From the entries that follow, copy exactly the lines beginning at the line holding "else if u == cycle_len.-1 then low_itv" and continuing through the line holding "Definition cycle_box u".

Recorded data
________

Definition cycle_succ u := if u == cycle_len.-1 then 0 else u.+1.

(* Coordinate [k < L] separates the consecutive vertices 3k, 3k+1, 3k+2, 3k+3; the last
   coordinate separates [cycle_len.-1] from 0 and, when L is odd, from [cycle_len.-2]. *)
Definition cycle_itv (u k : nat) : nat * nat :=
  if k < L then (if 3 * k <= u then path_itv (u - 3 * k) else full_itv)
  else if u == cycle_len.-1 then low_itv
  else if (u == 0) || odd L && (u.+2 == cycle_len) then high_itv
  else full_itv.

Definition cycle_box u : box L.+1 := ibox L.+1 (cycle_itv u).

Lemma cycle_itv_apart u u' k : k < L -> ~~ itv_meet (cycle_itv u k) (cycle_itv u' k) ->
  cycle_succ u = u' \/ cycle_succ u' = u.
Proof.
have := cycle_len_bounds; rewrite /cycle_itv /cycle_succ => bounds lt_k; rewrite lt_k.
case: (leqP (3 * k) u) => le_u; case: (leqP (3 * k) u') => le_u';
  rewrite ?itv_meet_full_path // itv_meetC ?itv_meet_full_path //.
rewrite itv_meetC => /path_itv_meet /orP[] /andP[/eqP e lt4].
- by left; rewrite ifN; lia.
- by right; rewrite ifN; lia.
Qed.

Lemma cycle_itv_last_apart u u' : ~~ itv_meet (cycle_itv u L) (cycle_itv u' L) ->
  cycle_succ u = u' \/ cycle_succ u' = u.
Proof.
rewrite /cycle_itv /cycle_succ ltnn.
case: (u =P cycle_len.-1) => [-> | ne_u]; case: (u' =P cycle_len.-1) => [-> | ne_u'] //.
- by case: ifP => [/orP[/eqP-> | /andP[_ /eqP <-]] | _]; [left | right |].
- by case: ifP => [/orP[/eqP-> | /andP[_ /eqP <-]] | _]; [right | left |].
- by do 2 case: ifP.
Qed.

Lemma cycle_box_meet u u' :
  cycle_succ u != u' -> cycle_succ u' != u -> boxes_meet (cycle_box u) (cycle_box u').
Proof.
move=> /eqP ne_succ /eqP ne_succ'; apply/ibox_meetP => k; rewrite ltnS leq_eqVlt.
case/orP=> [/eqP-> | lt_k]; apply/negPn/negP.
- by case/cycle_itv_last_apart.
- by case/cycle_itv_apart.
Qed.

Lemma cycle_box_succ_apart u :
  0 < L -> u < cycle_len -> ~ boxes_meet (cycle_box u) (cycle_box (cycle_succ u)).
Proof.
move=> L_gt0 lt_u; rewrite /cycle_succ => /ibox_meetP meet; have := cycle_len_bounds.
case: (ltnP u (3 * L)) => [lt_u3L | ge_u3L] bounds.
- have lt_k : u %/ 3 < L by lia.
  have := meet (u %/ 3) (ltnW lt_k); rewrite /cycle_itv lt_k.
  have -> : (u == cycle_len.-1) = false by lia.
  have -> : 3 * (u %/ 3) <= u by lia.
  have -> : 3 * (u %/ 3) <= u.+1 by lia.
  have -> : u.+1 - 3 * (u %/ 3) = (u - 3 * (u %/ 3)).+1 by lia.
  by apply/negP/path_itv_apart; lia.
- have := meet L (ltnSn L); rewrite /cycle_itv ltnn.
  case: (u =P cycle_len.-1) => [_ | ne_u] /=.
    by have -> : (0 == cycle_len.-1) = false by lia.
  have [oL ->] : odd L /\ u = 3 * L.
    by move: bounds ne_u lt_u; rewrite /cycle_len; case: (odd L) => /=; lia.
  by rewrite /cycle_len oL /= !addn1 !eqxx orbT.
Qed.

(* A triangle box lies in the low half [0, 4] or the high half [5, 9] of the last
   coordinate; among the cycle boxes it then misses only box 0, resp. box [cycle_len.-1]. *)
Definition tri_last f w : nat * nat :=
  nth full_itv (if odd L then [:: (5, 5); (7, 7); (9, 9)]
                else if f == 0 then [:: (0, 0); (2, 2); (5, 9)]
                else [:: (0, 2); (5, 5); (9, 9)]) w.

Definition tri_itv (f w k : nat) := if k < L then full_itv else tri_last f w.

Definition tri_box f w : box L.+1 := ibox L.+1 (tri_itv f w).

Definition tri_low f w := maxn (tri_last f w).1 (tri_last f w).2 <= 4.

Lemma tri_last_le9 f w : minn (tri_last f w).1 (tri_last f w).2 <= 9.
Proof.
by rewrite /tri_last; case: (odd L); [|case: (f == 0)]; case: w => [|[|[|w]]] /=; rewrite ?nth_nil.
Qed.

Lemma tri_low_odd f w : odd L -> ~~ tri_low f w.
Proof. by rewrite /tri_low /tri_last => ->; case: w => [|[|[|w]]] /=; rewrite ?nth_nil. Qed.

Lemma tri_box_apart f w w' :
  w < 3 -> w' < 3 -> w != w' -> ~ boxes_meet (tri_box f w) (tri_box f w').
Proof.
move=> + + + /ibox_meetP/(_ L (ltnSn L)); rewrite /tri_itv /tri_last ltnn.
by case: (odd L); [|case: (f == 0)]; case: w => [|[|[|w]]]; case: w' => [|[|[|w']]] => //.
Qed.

________

[Solution below]
  else if u == cycle_len.-1 then low_itv
  else if (u == 0) || odd L && (u.+2 == cycle_len) then high_itv
  else full_itv.

Definition cycle_box u : box L.+1 := ibox L.+1 (cycle_itv u).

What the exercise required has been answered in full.